Her husband was a bit upset by the news, she recalls: “But I had so many other things to do that I was just focused on a healthy delivery. At the time, I was just happy to be able to settle my caesarean section.

“I had an anxiety attack the day before the caesarean section; it was quite an ordeal. His umbilical cord was already around his neck and he had already started pooping, so we had to take him out when he reached 36 weeks.

The baby boy was born with a weight of 2,689 kilos. “We were in hospital for a week before having the caesarean section. I was very scared, I was crying but when I heard my baby crying everything changed – I was focused on my baby; that was the best day of my life,” she said.

The son of Dora Peric (photo) is three years old.

Thirty-two-year-old Croatian expat Dora Peric was also sure she was having a baby girl – she underwent a non-invasive prenatal test (NIPT) because doctors had wanted to investigate certain markers of Down syndrome. “The NIPT genetic test also reveals the defined sex. We were therefore surprised to learn that we were going to have a boy! Honestly, we didn’t mind as long as the baby was healthy and for some reason I still bought gender neutral stuff,” she told Gulf News in an interview.

What are the different ways to know the sex of your baby?

Boy or girl

Eleven weeks is the earliest sex determination can be done with an ultrasound using a method called the ‘knot theory’.

Use of Ultrasound/Ultrasound: The American website WebMD explains that the accuracy of determining the sex of your baby increases as the pregnancy progresses. Accuracy can vary from 70.3% at 11 weeks to 98.7% at 12 weeks and 100% at 13 weeks. Eleven weeks is the earliest sex determination can be done with an ultrasound using a method called the ‘knot theory’. (There are of course exceptions to this rule.)

What is the “knot theory”?

All babies have a genital tubercle, informally called a “nub” seen between the legs. The node usually develops around 11 to 13 weeks. According to the knot theory, the baby is a male if the knot points at an angle greater than 30 degrees to the spine. The baby is female if the knot is parallel to the spine or less than 10 degrees from the spine.
When the knot theory was tested on 656 singleton pregnancies (one baby) in a controlled study, it was possible to identify the sex of 93% of the babies.
WebMD

NIPT test: This test analyzes the infant’s DNA after extracting it from the mother-to-be’s blood. This test can be used no earlier than 10 weeks gestation. NIPT detects the most common form of trisomy 13 (Patau syndrome), 18 (Edwards syndrome) and 21 (Down syndrome) and identifies the sex of the baby, explains the Dubai-based Fakih IVF Fertility Center.

Choriocentesis: During pregnancy, the placenta has wispy projections called chorionic villi, which share the baby’s genetic makeup, and testing them can reveal if a baby has a chromosomal disorder such as Down’s syndrome as well as other genetic conditions, such as cystic fibrosis, explains US-based Mayo Clinic.

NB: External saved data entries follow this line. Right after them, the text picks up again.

Definition rmx (k : nat) : 'M[R]_(msz * n, n) :=
  \matrix_(p, j) let: (bi, ii) := blk p in
    if odd bi then 0 else a k bi ii j.

Fixpoint Qprod (k l : nat) : 'M[R]_(msz * n) :=
  match l with
  | 0 => 1%:M
  | l'.+1 => Qprod k l' *m Qmx (k + l')
  end.

Definition Fmx (k l : nat) : 'M[R]_(msz * n, n) := Qprod k l *m rmx (k + l).

Definition Nmx (k : nat) : 'M[R]_(msz * n) :=
  \matrix_(p, q) let: (bj, jj) := blk q in Fmx k bj p jj.

(* D^j_{rho,i}: determinant of N_k with column i of block column F_rho
   replaced by column j of F_{2s+1} *)
Definition Ddet (k rho : nat) (i j : 'I_n) : R :=
  \det (\matrix_(p, q)
          if (nat_of_ord (blk q).1 == rho) && ((blk q).2 == i)
          then Fmx k (2 * s).+1 p j else Nmx k p q).

End OddSetting.

(* The scaling with parameter mu = t^s (t = mu^{1/s} > 0):
   a^{2r+1} |-> mu^{-1+r/s} a^{2r+1} = mu^{-1} t^r a^{2r+1},
   a^{2r}   |-> mu^{r/s} a^{2r}      = t^r a^{2r}. *)
Definition scale_coef (R : unitRingType) (mu t : R) (r : nat) : R :=
  if odd r then mu^-1 * t ^+ r./2 else t ^+ r./2.

Definition scaled (R : unitRingType) (n : nat) (mu t : R)
    (a : nat -> nat -> 'M[R]_n) : nat -> nat -> 'M[R]_n :=
  fun k r => scale_coef mu t r *: a k r.

From HB Require Import structures.
From mathcomp Require Import all_boot all_order all_algebra.
From mathcomp Require Import ring zify.
Import Order.TTheory GRing.Theory Num.Theory.
Local Open Scope ring_scope.

Set Implicit Arguments. Unset Strict Implicit. Unset Printing Implicit Defensive.

(* The scaling is undone by a diagonal change of basis up to a rank-[n] correction. With
   [G_x] multiplying block [b] by [t ^ (s - b/2 + [x odd and b even])], one has
   [t ^ [x even] G_x Q'_(k+x) = (Q_(k+x) + beta_x r_(k+x) pi) G_(x+1)], where [pi] projects
   onto the last block and [beta_x = t ^ (s + [x odd]) - 1]: odd and even coefficients of
   the scaling differ exactly by the factor [mu = t ^ s]. Hence [t ^ (s - l) D'_(2l)] is the
   determinant [D_(2l)] of the perturbed system [Q + beta r pi].
   The perturbation multiplies [N_k] on the right by a unipotent block-triangular matrix
   and changes only block [rho] of the Cramer solution [X = N_k^-1 F_(2s+1)], by
   [beta_rho pi U_(rho+1)], where [U] is the residual of the backward recursion solved by
   [X]. The block-sign involution [J] satisfies [J Q J = -Q + 2 r pi] and [J r = r], so
   uniqueness for the backward recursion gives [pi U_(rho+1) = X_rho] for even [rho]. Thus
   [D_(2l)] is multiplied by [1 + beta_(2l) = t ^ s], i.e. [D'_(2l) = t ^ l D_(2l)].
   Invertibility of [N_k] is only needed generically: deforming the coefficients towards
   [a^0 = I], [a^r = 0] ([r > 0]), for which [N_k = I], it holds over polynomials. *)

Lemma index_allpairs (T1 T2 : eqType) (s1 : seq T1) (s2 : seq T2) x y :
  x \in s1 -> y \in s2 ->
  index (x, y) [seq (x1, x2) | x1 <- s1, x2 <- s2] =
    (index x s1 * size s2 + index y s2)%N.
Proof.
elim: s1 => //= z s1 IH xs ys2; rewrite index_cat.
have [<-|nzx] := eqVneq z x.
  rewrite (index_map (f := pair z)); last by move=> u v [].
  by rewrite mem_map ?ys2 // ?eqxx ?mul0n ?add0n //; move=> u v [].
have -> : ((x, y) \in [seq (z, x2) | x2 <- s2]) = false.
  by apply/negbTE/mapP=> [[w _ [/esym /eqP]]]; rewrite (negbTE nzx).
move: xs; rewrite inE eq_sym (negbTE nzx) /= => xs.
by rewrite size_map IH // mulSn addnA.
Qed.

Lemma val_mxvec_index m n (i : 'I_m) (j : 'I_n) :
  nat_of_ord (mxvec_index i j) = (i * n + j)%N.
Proof.
rewrite /mxvec_index /= /enum_rank enum_rank_in.unlock /= insubdK; last first.
  by rewrite unfold_in /= cardE index_mem mem_enum.
rewrite enumT unlock /= /prod_enum index_allpairs ?mem_enum //.
by rewrite !index_enum_ord size_enum_ord.
Qed.

Section BlockIndex.
Variables (n s : nat).
Local Notation M := (msz s * n)%N.
Local Notation idx := (@mxvec_index (msz s) n).

Lemma blk_mxvec_index b i : blk (idx b i) = (b, i).
Proof. by rewrite /blk /mxvec_index cast_ordK enum_rankK. Qed.

Lemma mxvec_index_blk (p : 'I_M) : idx (blk p).1 (blk p).2 = p.
Proof. by case/mxvec_indexP: p => b i; rewrite blk_mxvec_index. Qed.

Lemma eq_mxvec_index (p : 'I_M) (b : 'I_(msz s)) i :
  (p == idx b i) = (nat_of_ord (blk p).1 == b) && ((blk p).2 == i).
Proof.
rewrite -[p]mxvec_index_blk blk_mxvec_index; case: (blk p) => b' i' /=.
apply/eqP/andP => [/(congr1 (@blk n s))|[/eqP/val_inj-> /eqP->] //].
by rewrite !blk_mxvec_index => -[-> ->].
Qed.

Lemma big_blk (V : nmodType) (f : 'I_M -> V) :
  \sum_(q < M) f q = \sum_(b < msz s) \sum_(i < n) f (idx b i).
Proof.
rewrite pair_big /= (reindex (fun u => idx u.1 u.2)) //.
exists (fun q => blk q) => [[b i] _|q _] /=; first by rewrite blk_mxvec_index.
exact: mxvec_index_blk.
Qed.

Lemma ltn_blk (p q : 'I_M) : ((blk p).1 < (blk q).1)%N -> (p < q)%N.
Proof.
rewrite -[p]mxvec_index_blk -[q]mxvec_index_blk !blk_mxvec_index !val_mxvec_index /=.
case: (blk p) (blk q) => [bp ip] [bq iq] /= lt_b.
apply: (@leq_trans (bp.+1 * n)); first by rewrite mulSn addnC ltn_add2r.
by apply: leq_trans (leq_addr _ _); rewrite leq_mul2r lt_b orbT.
Qed.

End BlockIndex.

Lemma det_replace_col (R : comNzRingType) N (A : 'M[R]_N) (q0 : 'I_N) (v : 'cV[R]_N) :
  \det (\matrix_(p, q) if q == q0 then v p 0 else A p q) = (\adj A *m v) q0 0.
Proof.
rewrite (expand_det_col _ q0) mxE; apply: eq_bigr => p _.
rewrite mxE eqxx mulrC mxE; congr (_ * _).
rewrite /cofactor; congr (_ * \det _).
by apply/matrixP=> x y; rewrite !mxE eq_sym (negbTE (neq_lift q0 y)).
Qed.

Lemma mulmx_eq0_det (R : idomainType) N K (A : 'M[R]_N) (Y : 'M[R]_(N, K)) :
  \det A != 0 -> A *m Y = 0 -> Y = 0.
Proof.
move=> detA AY0; have : \adj A *m (A *m Y) = 0 by rewrite AY0 mulmx0.
rewrite mulmxA mul_adj_mx mul_scalar_mx => /eqP.
by rewrite scalemx_eq0 (negbTE detA) => /eqP.
Qed.

Section BlockColumns.
Variables (R : comNzRingType) (n s : nat).
Local Notation M := (msz s * n)%N.
Local Notation idx := (@mxvec_index (msz s) n).

Definition Nmx_of (F : nat -> 'M[R]_(M, n)) : 'M[R]_M :=
  \matrix_(p, q) F (blk q).1 p (blk q).2.

Definition Dmx_of (F : nat -> 'M[R]_(M, n)) rho i j : 'M[R]_M :=
  \matrix_(p, q)
    if (nat_of_ord (blk q).1 == rho) && ((blk q).2 == i)
    then F (2 * s).+1 p j else Nmx_of F p q.

Definition col_blocks (C : 'I_(msz s) -> 'M[R]_n) : 'M[R]_(M, n) :=
  \matrix_(p, j) C (blk p).1 (blk p).2 j.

Amniocentesis: Amniocentesis is a procedure used to remove a small sample of amniotic fluid for testing. It’s the fluid that surrounds the fetus in a pregnant woman, says US-based Johns Hopkins Medicine.

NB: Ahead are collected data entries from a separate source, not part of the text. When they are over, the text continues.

Lemma dle_smul x y G : 0 <= x -> x <= y -> D_distF G ->
  D_dle (D_smul y G) (D_smul x G).
Proof.
rewrite le_eqVlt => /predU1P[<-|x0] xy dG.
  by rewrite smul0; apply/dle_eps0/distF_smul.
have y0 : 0 < y by exact: lt_le_trans xy.
move=> z; rewrite !smulE //; have [z0|z0] := leP z 0%E.
  have zc a : 0 < a -> (z * (a^-1)%:E <= 0)%E.
    by move=> a0; rewrite -(mul0e (a^-1)%:E) lee_wpmul2r // lee_fin invr_ge0 ltW.
  by rewrite !distF_nonpos // zc.
by apply: distF_le => //; apply: lee_wpmul2l; [exact: ltW | rewrite lee_fin lef_pV2].
Qed.

End Delta.

Section TriangleFunction.
Variable R : realType.
Local Notation dist := (\bar R -> R).
Variable tau : dist -> dist -> dist.
Hypothesis htau : D_triangle_function tau.
Implicit Types F G H : dist.

Lemma distF_tau F G : D_distF F -> D_distF G -> D_distF (tau F G).
Proof. by case: htau => + *; apply. Qed.

Lemma tauC F G : D_distF F -> D_distF G -> tau F G = tau G F.
Proof. by case: htau => _ + *; apply. Qed.

Lemma tauA F G H : D_distF F -> D_distF G -> D_distF H ->
  tau F (tau G H) = tau (tau F G) H.
Proof. by case: htau => _ _ + *; apply. Qed.

Lemma tau_eps0r F : D_distF F -> tau F (D_eps 0) = F.
Proof. by case: htau => _ _ _ _ + *; apply. Qed.

Lemma tau_eps0l F : D_distF F -> tau (D_eps 0) F = F.
Proof. by move=> dF; rewrite tauC ?tau_eps0r //; exact: distF_eps0. Qed.

Lemma dle_tau F G F' G' : D_distF F -> D_distF G -> D_distF F' -> D_distF G' ->
  D_dle F F' -> D_dle G G' -> D_dle (tau F G) (tau F' G').
Proof.
case: htau => _ _ _ mono _ dF dG dF' dG' FF' GG'.
apply: (@dle_trans _ _ (tau F' G)); first exact: (mono F F' G dF dF' dG FF').1.
exact: (mono G G' F' dG dG' dF' GG').2.
Qed.

Lemma tauACA F G F' G' : D_distF F -> D_distF G -> D_distF F' -> D_distF G' ->
  tau (tau F G) (tau F' G') = tau (tau F F') (tau G G').
Proof.
move=> dF dG dF' dG'.
have dFG' : D_distF (tau F' G') by exact: distF_tau.
rewrite -[LHS]tauA // [tau G (tau F' G')]tauA // [tau G F']tauC //.
by rewrite -tauA // tauA //; exact: distF_tau.
Qed.

End TriangleFunction.

Lemma sigma_ring_setring (T : Type) (G : set (set T)) : sigma_ring G -> setring G.
Proof.
case=> G0 GD GU; split=> // A B GA GB; rewrite -bigcup2E.
by apply: GU => -[|[|n]].
Qed.

Section SimpleFunction.
Variable R : realType.
Variables (Omega : Type) (Sigma : set (set Omega)).
Hypothesis ringS : setring Sigma.
Local Notation cells := (seq (R * set Omega)).
Local Notation rep := (@D_simple_rep R Omega Sigma).
Local Notation eval := (@D_simple_eval R Omega).
Implicit Types (p : R * set Omega) (s t : cells) (A B : set Omega).

Lemma Sigma_set0 : Sigma set0. Proof. by case: ringS. Qed.

Lemma Sigma_setU A B : Sigma A -> Sigma B -> Sigma (A `|` B).
Proof. by case: ringS => _ + _; apply. Qed.

Lemma Sigma_setD A B : Sigma A -> Sigma B -> Sigma (A `\` B).
Proof. by case: ringS => _ _; apply. Qed.

Lemma Sigma_setI A B : Sigma A -> Sigma B -> Sigma (A `&` B).
Proof. by case: ringS => _ _ /setD_closedP[+ _]; apply. Qed.

Fixpoint cover s : set Omega := if s is p :: s' then p.2 `|` cover s' else set0.

Lemma coverP s w :
  cover s w <-> exists2 j, (j < size s)%N & (nth (0, set0) s j).2 w.
Proof.
elim: s => [|p s IH] /=; first by split=> [|[]].
split=> [[pw|/IH[j js sj]]|[[|j] js sj]]; first by exists 0%N.
- by exists j.+1.
- by left.
- by right; apply/IH; exists j.
Qed.

Lemma D_simple_rep_nil : rep [::].
Proof. by split=> // i j. Qed.

Lemma D_simple_rep_cons p s : rep (p :: s) <->
  [/\ 0 <= p.1, Sigma p.2, p.2 `&` cover s = set0 & rep s].
Proof.
split=> [[ge0 meas disj]|[p0 pS pD [ge0 meas disj]]].
  split; first exact/ge0/mem_head.
  - exact/meas/mem_head.
  - rewrite -subset0 => w [pw /coverP[j js sj]].
    by rewrite -(disj 0%N j.+1) //=.
  - split=> [q qs|q qs|i j i_s j_s ij]; first exact/ge0/mem_behead.
    + exact/meas/mem_behead.
    + exact: (disj i.+1 j.+1).
have headD j : (j < size s)%N -> p.2 `&` (nth (0, set0) s j).2 = set0.
  move=> js; rewrite -subset0 => w [pw sw].
  by rewrite -pD; split => //; apply/coverP; exists j.
split=> [q|q|[|i] [|j] //= i_s j_s ij].
- by rewrite inE => /predU1P[->|/ge0].
- by rewrite inE => /predU1P[->|/meas].
- exact: headD.
- by rewrite setIC; apply: headD.
- exact: disj.
Qed.

Lemma Sigma_cover s : rep s -> Sigma (cover s).
Proof.
elim: s => [|p s IH] /=; first by move=> _; exact: Sigma_set0.
by case/D_simple_rep_cons => _ pS _ /IH; apply: Sigma_setU.
Qed.

Lemma simple_eval_nil w : eval [::] w = 0.
Proof. by rewrite /D_simple_eval big_nil. Qed.

Lemma simple_eval_cons p s w : eval (p :: s) w = p.1 * \1_(p.2) w + eval s w.
Proof. by rewrite /D_simple_eval big_cons. Qed.

Lemma simple_eval_cons_in p s w : p.2 w -> eval (p :: s) w = p.1 + eval s w.
Proof. by move=> pw; rewrite simple_eval_cons indicE mem_set // mulr1. Qed.

Lemma simple_eval_cons_out p s w : ~ p.2 w -> eval (p :: s) w = eval s w.
Proof. by move=> pw; rewrite simple_eval_cons indicE memNset // mulr0 add0r. Qed.

Lemma simple_eval_out s w : ~ cover s w -> eval s w = 0.
Proof.
elim: s => [|p s IH] /= sw; first exact: simple_eval_nil.
by rewrite simple_eval_cons_out ?IH // => ?; apply: sw; [right|left].
Qed.

Lemma simple_eval_head p s w : rep (p :: s) -> p.2 w -> eval (p :: s) w = p.1.
Proof.
case/D_simple_rep_cons => _ _ pD _ pw; rewrite simple_eval_cons_in //.
by rewrite simple_eval_out ?addr0 // => sw; rewrite -[False]/(set0 w) -pD.
Qed.

Lemma simple_eval_ge0 s w : rep s -> 0 <= eval s w.
Proof.
elim: s => [|p s IH] /=; first by rewrite simple_eval_nil.
case/D_simple_rep_cons => p0 _ _ rs.
by rewrite simple_eval_cons addr_ge0 ?IH // mulr_ge0 // indicE ler0n.
Qed.

Definition cells_maxI s y B : cells := [seq (Num.max p.1 y, p.2 `&` B) | p <- s].

Definition cells_setD s B : cells := [seq (p.1, p.2 `\` B) | p <- s].

(* On the cell [q.2] of [t], the pointwise maximum is [q.1] outside [cover s]
   and [max p.1 q.1] on each cell [p.2] of [s]; the rest of [s] is joined with
   the rest of [t]. *)
Fixpoint cells_join s t {struct t} : cells :=
  if t is q :: t' then
    (q.1, q.2 `\` cover s) :: cells_maxI s q.1 q.2 ++
      cells_join (cells_setD s q.2) t'
  else s.

Lemma cover_cat s t : cover (s ++ t) = cover s `|` cover t.
Proof. by elim: s => [|p s IH] /=; rewrite ?set0U // IH setUA. Qed.

Lemma cover_maxI s y B : cover (cells_maxI s y B) = cover s `&` B.
Proof. by elim: s => [|p s IH] /=; rewrite ?set0I // IH setIUl. Qed.

Lemma cover_setD s B : cover (cells_setD s B) = cover s `\` B.
Proof. by elim: s => [|p s IH] /=; rewrite ?set0D // IH setDUl. Qed.

Lemma cover_join s t : cover (cells_join s t) `<=` cover s `|` cover t.
Proof.
elim: t s => [|q t IH] s /=; first by move=> w; left.
move=> w [[qw _]|]; first by right; left.
rewrite cover_cat cover_maxI => -[[sw _]|/IH]; first by left.
by rewrite cover_setD => -[[sw _]|tw]; [left | right; right].
Qed.

Lemma D_simple_rep_cat s t : rep s -> rep t -> cover s `&` cover t = set0 ->
  rep (s ++ t).
Proof.
elim: s => [|p s IH] //= /D_simple_rep_cons[p0 pS pD rs] rt st.
apply/D_simple_rep_cons; split => //.
- rewrite cover_cat setIUr pD set0U.
  by apply: subsetI_eq0 st => // w pw; left.
- by apply: IH => //; apply: subsetI_eq0 st => // w sw; right.
Qed.

Lemma D_simple_rep_maxI s y B : Sigma B -> 0 <= y -> rep s ->
  rep (cells_maxI s y B).
Proof.
move=> BS y0; elim: s => [|p s IH] /= => [_|/D_simple_rep_cons[p0 pS pD rs]].
  exact: D_simple_rep_nil.
apply/D_simple_rep_cons; split; first by rewrite le_max p0.
- exact: Sigma_setI.
- by rewrite cover_maxI; apply: subsetI_eq0 pD => w [].
- exact: IH.
Qed.

Lemma D_simple_rep_setD s B : Sigma B -> rep s -> rep (cells_setD s B).
Proof.
move=> BS; elim: s => [|p s IH] /= => [_|/D_simple_rep_cons[p0 pS pD rs]].
  exact: D_simple_rep_nil.
apply/D_simple_rep_cons; split => //.
- exact: Sigma_setD.
- by rewrite cover_setD; apply: subsetI_eq0 pD => w [].
- exact: IH.
Qed.

Lemma D_simple_rep_join s t : rep s -> rep t -> rep (cells_join s t).
Proof.
elim: t s => [|q t IH] s //= rs /D_simple_rep_cons[q0 qS qD rt].
apply/D_simple_rep_cons; split => //.
- exact/Sigma_setD/Sigma_cover.
- rewrite cover_cat cover_maxI -subset0 => w [[qw sw] [[]//|/cover_join]].
  by rewrite cover_setD -qD => -[[]//|tw].
- apply: D_simple_rep_cat.
  + exact: D_simple_rep_maxI.
  + by apply: IH => //; apply: D_simple_rep_setD.
  + rewrite cover_maxI -subset0 => w [[_ qw] /cover_join].
    by rewrite cover_setD -qD => -[[]//|tw].
Qed.

Lemma simple_eval_cat s t w : eval (s ++ t) w = eval s w + eval t w.
Proof. by rewrite /D_simple_eval big_cat. Qed.

Lemma simple_eval_maxI s y B w : rep s ->
  eval (cells_maxI s y B) w =
    if `[< B w /\ cover s w >] then Num.max (eval s w) y else 0.
Proof.
elim: s => [|p s IH] /= rps.
  by rewrite simple_eval_nil; case: asboolP => // -[_ []].
have /D_simple_rep_cons[_ _ pD rs] := rps.
have [pw|npw] := pselect (p.2 w); last first.
  have npB : ~ (p.2 `&` B) w by case.
  rewrite (@simple_eval_cons_out (_, _) _ w npB) (simple_eval_cons_out s npw) IH //.
  congr (if _ then _ else _); apply/asbool_equiv_eq.
  by split=> -[Bw sw]; split=> //; [right | case: sw].
have sw : ~ cover s w by move=> sw; rewrite -[False]/(set0 w) -pD.
have e : eval (cells_maxI s y B) w = 0.
  by rewrite IH // asboolF // => -[].
rewrite (simple_eval_head rps pw).
have [Bw|nBw] := pselect (B w).
  by rewrite simple_eval_cons_in // e addr0 asboolT //; split => //; left.
by rewrite simple_eval_cons_out /= ?e ?asboolF // => -[].
Qed.

Lemma simple_eval_setD s B w :
  eval (cells_setD s B) w = if `[< B w >] then 0 else eval s w.
Proof.
elim: s => [|p s IH] /=; first by rewrite !simple_eval_nil; case: ifP.
rewrite !simple_eval_cons IH /=; case: asboolP => Bw.
  by rewrite indicE memNset ?mulr0 ?add0r // => -[].
congr (_ * _ + _); rewrite !indicE.
have [pw|npw] := pselect (p.2 w); first by rewrite !mem_set.
by rewrite !memNset // => -[].
Qed.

How common is misdiagnosis of sex?

Prime Medical Center Al Quasis Obstetrics and Gynecologist Dr. Smitha Balusamy says surprises like the ones Kristie and Peric received aren’t that common. “With the technology available, misreading the sex of an unborn child is a rarity – the chances of which depend on the method chosen and its timing during pregnancy,” she says.

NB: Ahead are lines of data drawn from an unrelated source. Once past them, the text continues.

Section kappa_hat_optimality.
Context {d : measure_display} {T : measurableType d} {R : realType}.
Context {mu : {sigma_finite_measure set T -> \bar R}} {Om : set T}.
Context {q : T -> T -> R}.
Hypothesis mOm : measurable Om.
Hypothesis mq : measurable_fun (Om `*` Om) (fun z => q z.1 z.2).
Hypothesis q_antisym : ae2 mu Om (fun x x' => q x x' = - q x' x).
Hypothesis mu_Om_fin : (mu Om < +oo)%E.
Hypothesis L12norm_fin : (L12norm mu Om q < +oo)%E.
Local Open Scope ereal_scope.

Local Notation A := (inner_sq mu Om q).
Local Notation c := (c_hat mu Om q).
Local Notation kappa := (kappa_hat mu Om q).

Let mA : measurable_fun Om A. Proof. exact: measurable_inner_sq. Qed.
Let msqrtA : measurable_fun Om (fun x => esqrt (A x)).
Proof. exact: measurable_esqrt_inner_sq. Qed.

Let l := fine (L12norm mu Om q).
Let m := fine (mu Om).

Let L12normE : \int[mu]_(x in Om) esqrt (A x) = l%:E.
Proof.
rewrite /l fineK // ge0_fin_numE // integral_ge0 // => x _; exact: esqrt_ge0.
Qed.

Let mu_OmE : mu Om = m%:E.
Proof. by rewrite fineK // ge0_fin_numE. Qed.

Let l_ge0 : (0 <= l)%R.
Proof. by rewrite -lee_fin -L12normE integral_ge0 // => x _; exact: esqrt_ge0. Qed.
Let m_ge0 : (0 <= m)%R. Proof. by rewrite -lee_fin -mu_OmE. Qed.

Lemma c_hat_ge0 : (0 <= c)%R. Proof. exact: divr_ge0. Qed.

Lemma c_hat_mul_le : (c * l <= m)%R.
Proof.
have [->|l_neq0] := eqVneq l 0%R; first by rewrite mulr0.
by rewrite divfK.
Qed.

Lemma c_hat_mulE : c != 0%R -> (c * l = m)%R.
Proof.
move=> c_neq0; rewrite divfK //; apply: contraNneq c_neq0 => l0.
by rewrite /c_hat l0 invr0 mulr0.
Qed.

Lemma kappa_hat_ge0 x : (0 <= kappa x)%R.
Proof. by rewrite mulr_ge0 ?c_hat_ge0 ?fine_ge0 ?esqrt_ge0. Qed.

Lemma measurable_kappa_hat : measurable_fun Om kappa.
Proof.
apply: measurable_funM; first exact: measurable_cst.
by apply: measurableT_comp; [exact: fine_measurable|exact: msqrtA].
Qed.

With the technology available, it is rare to misread the gender of an unborn child.

-Dr Smitha Balusamy

NIPT, she says, is 99% accurate because it analyzes the baby’s DNA. However, if the test is performed before 10 weeks of gestation, the accuracy of the test may be questionable.

Using an ultrasound will give the best results – if the test is done between 18-22 weeks – it is 95-99% accurate.

Invasive tests such as CVS, on the other hand, are usually not done to verify gender, but can accurately diagnose it. These tests can only misinterpret sex in certain rare clinical disorders.